Would you please copy the part of the material below that opens with the line containing "x k * l k - l" and closes with the line containing "Proof. by rewrite /coact foldr_cat. Qed."? Copy it exactly, and only it.
Available records section start
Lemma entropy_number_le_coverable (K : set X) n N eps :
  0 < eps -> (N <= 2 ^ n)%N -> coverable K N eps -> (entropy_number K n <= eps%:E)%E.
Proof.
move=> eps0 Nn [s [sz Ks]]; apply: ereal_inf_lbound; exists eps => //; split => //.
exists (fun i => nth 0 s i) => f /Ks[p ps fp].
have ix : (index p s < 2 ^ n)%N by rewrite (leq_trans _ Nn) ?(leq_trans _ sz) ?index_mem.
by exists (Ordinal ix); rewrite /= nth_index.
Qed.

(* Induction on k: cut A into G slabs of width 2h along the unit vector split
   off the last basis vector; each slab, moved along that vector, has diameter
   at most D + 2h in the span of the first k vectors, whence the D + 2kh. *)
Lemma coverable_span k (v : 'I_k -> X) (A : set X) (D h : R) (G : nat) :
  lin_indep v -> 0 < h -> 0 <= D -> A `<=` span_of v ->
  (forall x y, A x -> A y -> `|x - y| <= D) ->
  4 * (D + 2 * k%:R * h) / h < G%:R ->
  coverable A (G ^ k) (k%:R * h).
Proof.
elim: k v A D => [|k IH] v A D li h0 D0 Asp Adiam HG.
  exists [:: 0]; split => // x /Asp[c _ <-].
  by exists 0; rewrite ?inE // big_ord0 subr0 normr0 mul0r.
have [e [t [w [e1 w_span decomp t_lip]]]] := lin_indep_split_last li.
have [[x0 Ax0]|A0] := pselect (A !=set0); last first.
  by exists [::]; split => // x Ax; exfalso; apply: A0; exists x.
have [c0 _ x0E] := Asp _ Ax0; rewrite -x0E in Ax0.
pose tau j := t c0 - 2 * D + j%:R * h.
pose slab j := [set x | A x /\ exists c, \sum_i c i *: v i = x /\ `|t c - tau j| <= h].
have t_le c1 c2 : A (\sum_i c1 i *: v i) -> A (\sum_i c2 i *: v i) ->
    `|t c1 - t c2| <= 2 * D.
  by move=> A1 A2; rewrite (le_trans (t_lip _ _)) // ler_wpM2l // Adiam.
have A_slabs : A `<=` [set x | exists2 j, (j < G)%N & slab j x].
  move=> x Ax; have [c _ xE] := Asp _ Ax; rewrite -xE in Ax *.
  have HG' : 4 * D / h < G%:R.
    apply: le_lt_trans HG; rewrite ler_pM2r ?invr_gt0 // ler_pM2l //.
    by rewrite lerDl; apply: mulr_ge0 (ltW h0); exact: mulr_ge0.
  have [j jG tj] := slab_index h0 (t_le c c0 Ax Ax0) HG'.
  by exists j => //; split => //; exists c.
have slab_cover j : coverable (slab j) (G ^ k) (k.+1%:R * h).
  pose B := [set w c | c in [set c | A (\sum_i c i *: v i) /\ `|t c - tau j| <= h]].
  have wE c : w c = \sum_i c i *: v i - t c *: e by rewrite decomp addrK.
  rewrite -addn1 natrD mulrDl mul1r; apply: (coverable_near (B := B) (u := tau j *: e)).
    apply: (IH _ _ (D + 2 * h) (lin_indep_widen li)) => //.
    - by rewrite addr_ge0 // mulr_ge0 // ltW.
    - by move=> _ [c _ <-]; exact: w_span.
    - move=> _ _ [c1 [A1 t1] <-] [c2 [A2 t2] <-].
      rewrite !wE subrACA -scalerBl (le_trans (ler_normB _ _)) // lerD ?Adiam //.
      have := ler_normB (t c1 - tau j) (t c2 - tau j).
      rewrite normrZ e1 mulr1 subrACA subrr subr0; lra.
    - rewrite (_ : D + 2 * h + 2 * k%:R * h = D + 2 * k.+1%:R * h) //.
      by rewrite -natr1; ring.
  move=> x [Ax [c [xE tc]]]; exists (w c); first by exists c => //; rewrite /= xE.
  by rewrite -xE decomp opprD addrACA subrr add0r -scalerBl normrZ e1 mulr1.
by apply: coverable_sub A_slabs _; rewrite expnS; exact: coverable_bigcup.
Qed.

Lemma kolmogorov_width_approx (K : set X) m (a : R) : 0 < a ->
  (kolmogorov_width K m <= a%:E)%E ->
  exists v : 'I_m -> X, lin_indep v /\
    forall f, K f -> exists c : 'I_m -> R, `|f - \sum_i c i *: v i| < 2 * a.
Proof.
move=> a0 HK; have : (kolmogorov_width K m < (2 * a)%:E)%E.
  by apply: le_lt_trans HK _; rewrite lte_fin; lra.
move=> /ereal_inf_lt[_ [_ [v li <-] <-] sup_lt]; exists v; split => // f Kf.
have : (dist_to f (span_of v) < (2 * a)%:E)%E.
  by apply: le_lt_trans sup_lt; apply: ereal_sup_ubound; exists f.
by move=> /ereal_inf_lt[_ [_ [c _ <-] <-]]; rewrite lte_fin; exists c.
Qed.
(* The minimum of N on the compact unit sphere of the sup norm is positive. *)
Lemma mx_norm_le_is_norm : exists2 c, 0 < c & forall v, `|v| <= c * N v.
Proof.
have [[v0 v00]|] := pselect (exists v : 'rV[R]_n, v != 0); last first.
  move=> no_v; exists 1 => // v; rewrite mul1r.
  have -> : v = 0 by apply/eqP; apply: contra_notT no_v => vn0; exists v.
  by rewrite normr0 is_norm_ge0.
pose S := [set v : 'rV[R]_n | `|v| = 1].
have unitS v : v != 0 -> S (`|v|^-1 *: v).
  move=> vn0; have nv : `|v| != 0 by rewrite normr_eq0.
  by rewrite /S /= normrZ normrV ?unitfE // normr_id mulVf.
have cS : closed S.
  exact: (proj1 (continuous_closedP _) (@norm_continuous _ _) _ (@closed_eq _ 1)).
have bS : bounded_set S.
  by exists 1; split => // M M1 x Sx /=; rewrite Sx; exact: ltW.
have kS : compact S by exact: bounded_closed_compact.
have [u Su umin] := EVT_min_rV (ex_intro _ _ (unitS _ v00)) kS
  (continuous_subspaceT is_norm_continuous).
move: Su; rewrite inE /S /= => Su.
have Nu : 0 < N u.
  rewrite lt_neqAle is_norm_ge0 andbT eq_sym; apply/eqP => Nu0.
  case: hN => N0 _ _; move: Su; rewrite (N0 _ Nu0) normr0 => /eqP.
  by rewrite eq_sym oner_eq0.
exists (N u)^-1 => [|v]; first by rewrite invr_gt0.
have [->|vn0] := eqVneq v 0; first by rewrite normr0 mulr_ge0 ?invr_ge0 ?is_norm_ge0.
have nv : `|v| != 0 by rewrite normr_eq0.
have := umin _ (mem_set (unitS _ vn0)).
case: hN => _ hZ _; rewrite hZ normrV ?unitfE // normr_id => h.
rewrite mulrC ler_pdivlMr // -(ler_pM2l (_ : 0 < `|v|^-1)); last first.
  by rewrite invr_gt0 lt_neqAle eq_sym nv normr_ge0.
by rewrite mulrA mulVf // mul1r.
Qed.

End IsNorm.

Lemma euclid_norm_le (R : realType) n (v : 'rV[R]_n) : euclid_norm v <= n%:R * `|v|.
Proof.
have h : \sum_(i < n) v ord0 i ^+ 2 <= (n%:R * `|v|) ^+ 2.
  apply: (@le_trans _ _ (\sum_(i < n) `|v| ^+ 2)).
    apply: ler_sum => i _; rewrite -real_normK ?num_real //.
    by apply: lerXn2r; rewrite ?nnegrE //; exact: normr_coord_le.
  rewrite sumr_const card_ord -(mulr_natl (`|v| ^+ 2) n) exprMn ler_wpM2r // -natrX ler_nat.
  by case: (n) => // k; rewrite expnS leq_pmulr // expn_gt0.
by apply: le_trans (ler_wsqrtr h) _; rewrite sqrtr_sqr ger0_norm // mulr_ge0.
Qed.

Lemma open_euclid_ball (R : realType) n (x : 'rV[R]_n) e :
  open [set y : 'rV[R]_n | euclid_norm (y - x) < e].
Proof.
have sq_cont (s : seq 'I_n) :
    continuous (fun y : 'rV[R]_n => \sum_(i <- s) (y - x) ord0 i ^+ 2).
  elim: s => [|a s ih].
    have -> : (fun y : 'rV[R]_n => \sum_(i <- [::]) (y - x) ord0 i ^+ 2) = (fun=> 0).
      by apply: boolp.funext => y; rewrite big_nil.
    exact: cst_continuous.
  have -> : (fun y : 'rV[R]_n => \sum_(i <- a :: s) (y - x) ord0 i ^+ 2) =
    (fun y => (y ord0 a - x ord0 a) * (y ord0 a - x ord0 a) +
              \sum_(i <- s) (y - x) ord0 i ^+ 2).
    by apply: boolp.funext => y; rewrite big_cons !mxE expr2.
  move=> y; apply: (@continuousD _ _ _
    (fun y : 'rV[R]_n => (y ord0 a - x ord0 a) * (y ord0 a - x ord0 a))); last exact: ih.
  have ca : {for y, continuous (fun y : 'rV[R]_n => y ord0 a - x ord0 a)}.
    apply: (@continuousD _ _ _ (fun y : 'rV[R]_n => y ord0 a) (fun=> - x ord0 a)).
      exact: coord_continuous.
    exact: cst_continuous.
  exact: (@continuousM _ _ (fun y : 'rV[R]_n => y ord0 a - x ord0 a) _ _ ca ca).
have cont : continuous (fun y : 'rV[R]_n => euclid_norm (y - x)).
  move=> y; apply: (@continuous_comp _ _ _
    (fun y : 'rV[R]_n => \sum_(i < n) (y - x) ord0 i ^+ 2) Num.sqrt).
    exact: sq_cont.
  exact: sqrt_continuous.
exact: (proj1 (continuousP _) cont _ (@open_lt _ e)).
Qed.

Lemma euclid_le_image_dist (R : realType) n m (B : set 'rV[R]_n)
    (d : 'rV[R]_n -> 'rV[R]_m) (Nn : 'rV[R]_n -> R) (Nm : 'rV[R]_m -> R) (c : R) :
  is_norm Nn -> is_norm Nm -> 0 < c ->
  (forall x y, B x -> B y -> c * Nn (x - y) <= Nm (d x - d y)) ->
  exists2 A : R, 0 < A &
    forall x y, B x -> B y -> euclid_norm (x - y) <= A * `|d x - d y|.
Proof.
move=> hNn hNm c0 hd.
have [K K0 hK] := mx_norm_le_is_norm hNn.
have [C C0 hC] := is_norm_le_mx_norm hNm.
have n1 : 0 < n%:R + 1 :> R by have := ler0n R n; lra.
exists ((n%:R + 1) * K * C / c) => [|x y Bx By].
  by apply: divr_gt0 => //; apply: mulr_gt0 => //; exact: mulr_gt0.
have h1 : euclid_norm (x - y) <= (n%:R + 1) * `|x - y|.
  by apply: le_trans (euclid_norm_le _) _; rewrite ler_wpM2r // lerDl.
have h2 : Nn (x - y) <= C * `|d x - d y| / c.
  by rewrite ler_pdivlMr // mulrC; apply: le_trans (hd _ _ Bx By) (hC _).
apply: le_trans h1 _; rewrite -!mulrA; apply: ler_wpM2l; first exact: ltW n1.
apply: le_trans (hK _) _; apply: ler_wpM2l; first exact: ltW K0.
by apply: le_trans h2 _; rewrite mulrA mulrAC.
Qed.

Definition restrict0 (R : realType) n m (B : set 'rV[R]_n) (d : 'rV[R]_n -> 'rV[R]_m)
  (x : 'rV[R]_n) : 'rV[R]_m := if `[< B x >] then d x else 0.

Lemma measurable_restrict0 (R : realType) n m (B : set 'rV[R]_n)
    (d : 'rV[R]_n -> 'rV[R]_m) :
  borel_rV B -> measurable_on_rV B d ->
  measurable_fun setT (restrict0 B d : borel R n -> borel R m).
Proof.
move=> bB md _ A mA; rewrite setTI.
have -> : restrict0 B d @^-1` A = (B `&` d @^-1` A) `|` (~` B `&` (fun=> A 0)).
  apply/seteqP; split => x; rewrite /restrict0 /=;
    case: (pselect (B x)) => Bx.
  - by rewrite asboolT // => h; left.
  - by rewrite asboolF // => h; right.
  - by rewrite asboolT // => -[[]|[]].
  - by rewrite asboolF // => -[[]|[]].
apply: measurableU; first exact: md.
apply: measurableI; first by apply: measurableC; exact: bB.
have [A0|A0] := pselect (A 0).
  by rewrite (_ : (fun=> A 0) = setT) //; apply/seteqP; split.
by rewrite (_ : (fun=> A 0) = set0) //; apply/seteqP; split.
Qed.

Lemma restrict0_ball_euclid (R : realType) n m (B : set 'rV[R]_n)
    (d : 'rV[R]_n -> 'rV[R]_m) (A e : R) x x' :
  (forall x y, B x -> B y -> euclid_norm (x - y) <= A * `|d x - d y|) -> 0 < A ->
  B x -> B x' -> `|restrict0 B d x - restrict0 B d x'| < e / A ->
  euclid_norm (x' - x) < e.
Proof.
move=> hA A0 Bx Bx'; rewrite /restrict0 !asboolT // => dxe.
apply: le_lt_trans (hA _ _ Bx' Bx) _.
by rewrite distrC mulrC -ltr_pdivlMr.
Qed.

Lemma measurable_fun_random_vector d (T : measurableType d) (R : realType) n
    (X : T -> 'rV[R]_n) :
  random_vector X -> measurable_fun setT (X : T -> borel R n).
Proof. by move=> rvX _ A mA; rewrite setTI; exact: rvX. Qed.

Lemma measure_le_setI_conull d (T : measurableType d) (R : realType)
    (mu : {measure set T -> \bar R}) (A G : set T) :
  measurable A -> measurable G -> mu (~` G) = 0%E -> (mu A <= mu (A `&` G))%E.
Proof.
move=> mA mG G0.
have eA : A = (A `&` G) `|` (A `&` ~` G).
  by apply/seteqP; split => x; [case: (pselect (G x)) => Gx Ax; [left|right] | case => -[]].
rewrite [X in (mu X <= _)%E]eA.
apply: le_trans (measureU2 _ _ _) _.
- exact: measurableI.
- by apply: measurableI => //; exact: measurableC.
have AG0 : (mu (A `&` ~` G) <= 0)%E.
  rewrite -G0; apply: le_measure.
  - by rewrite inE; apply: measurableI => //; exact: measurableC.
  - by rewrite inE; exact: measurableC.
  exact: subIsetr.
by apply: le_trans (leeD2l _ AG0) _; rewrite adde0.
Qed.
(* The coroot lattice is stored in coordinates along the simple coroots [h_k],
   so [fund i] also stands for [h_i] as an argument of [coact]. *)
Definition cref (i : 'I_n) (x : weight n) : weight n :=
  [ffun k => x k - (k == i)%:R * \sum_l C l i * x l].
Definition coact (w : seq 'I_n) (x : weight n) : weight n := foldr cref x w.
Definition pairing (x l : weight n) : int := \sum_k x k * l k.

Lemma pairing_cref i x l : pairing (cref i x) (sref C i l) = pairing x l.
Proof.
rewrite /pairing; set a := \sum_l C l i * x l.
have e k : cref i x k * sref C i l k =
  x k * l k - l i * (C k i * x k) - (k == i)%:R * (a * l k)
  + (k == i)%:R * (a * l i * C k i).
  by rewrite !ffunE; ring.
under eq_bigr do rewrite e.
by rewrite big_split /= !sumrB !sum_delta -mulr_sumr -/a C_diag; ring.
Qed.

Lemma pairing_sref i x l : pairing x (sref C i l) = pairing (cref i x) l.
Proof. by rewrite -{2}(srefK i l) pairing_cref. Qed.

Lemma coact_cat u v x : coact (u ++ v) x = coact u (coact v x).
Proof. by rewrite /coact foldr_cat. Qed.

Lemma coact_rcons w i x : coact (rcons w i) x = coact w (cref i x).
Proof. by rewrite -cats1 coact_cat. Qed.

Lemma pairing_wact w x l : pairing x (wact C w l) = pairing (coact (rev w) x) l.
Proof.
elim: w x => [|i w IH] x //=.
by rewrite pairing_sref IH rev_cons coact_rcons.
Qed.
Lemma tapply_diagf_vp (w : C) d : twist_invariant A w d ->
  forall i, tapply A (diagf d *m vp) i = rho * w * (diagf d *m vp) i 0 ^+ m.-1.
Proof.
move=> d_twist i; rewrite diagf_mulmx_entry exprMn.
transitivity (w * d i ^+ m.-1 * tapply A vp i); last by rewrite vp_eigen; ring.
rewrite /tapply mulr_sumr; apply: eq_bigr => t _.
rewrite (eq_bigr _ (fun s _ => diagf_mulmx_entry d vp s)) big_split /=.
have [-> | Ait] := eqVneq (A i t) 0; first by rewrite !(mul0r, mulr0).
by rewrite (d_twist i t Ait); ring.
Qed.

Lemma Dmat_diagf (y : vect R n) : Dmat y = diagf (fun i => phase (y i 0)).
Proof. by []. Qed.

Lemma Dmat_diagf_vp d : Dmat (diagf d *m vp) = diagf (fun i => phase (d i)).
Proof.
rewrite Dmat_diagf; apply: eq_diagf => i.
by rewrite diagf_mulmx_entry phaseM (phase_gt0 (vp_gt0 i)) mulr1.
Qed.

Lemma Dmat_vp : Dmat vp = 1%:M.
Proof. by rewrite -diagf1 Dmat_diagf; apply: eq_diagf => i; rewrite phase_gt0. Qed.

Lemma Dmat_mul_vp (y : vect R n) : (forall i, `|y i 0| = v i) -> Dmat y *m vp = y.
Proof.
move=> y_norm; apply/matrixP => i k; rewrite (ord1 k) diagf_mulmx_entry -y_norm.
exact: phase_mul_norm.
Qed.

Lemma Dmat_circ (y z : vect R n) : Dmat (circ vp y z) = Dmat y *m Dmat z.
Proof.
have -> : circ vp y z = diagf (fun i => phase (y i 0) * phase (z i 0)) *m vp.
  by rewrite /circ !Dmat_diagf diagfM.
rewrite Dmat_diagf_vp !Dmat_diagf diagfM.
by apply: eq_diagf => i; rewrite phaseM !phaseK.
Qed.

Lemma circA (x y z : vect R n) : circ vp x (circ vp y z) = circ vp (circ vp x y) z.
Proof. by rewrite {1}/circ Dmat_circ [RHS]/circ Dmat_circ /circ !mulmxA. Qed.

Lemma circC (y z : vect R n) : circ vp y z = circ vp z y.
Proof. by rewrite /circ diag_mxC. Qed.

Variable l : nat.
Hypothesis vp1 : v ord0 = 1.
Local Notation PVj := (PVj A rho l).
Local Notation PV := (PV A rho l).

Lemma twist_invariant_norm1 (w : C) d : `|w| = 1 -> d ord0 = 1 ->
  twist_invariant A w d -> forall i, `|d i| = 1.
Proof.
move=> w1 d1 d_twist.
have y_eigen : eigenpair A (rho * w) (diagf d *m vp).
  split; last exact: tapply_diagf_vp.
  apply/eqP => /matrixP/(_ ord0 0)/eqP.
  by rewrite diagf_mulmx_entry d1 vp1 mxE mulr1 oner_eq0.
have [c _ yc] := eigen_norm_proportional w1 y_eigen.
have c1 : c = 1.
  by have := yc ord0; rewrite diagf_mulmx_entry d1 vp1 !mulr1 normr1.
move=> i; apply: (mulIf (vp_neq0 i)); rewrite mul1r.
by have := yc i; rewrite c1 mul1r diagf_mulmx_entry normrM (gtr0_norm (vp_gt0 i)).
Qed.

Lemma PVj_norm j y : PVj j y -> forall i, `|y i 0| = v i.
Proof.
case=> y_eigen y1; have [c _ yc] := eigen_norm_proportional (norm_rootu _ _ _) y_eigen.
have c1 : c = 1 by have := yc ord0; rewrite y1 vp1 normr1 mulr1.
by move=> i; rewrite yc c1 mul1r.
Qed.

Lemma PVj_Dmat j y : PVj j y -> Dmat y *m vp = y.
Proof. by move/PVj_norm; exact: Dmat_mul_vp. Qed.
Available records section end
- Result of this task -
  x k * l k - l i * (C k i * x k) - (k == i)%:R * (a * l k)
  + (k == i)%:R * (a * l i * C k i).
  by rewrite !ffunE; ring.
under eq_bigr do rewrite e.
by rewrite big_split /= !sumrB !sum_delta -mulr_sumr -/a C_diag; ring.
Qed.

Lemma pairing_sref i x l : pairing x (sref C i l) = pairing (cref i x) l.
Proof. by rewrite -{2}(srefK i l) pairing_cref. Qed.

Lemma coact_cat u v x : coact (u ++ v) x = coact u (coact v x).
Proof. by rewrite /coact foldr_cat. Qed.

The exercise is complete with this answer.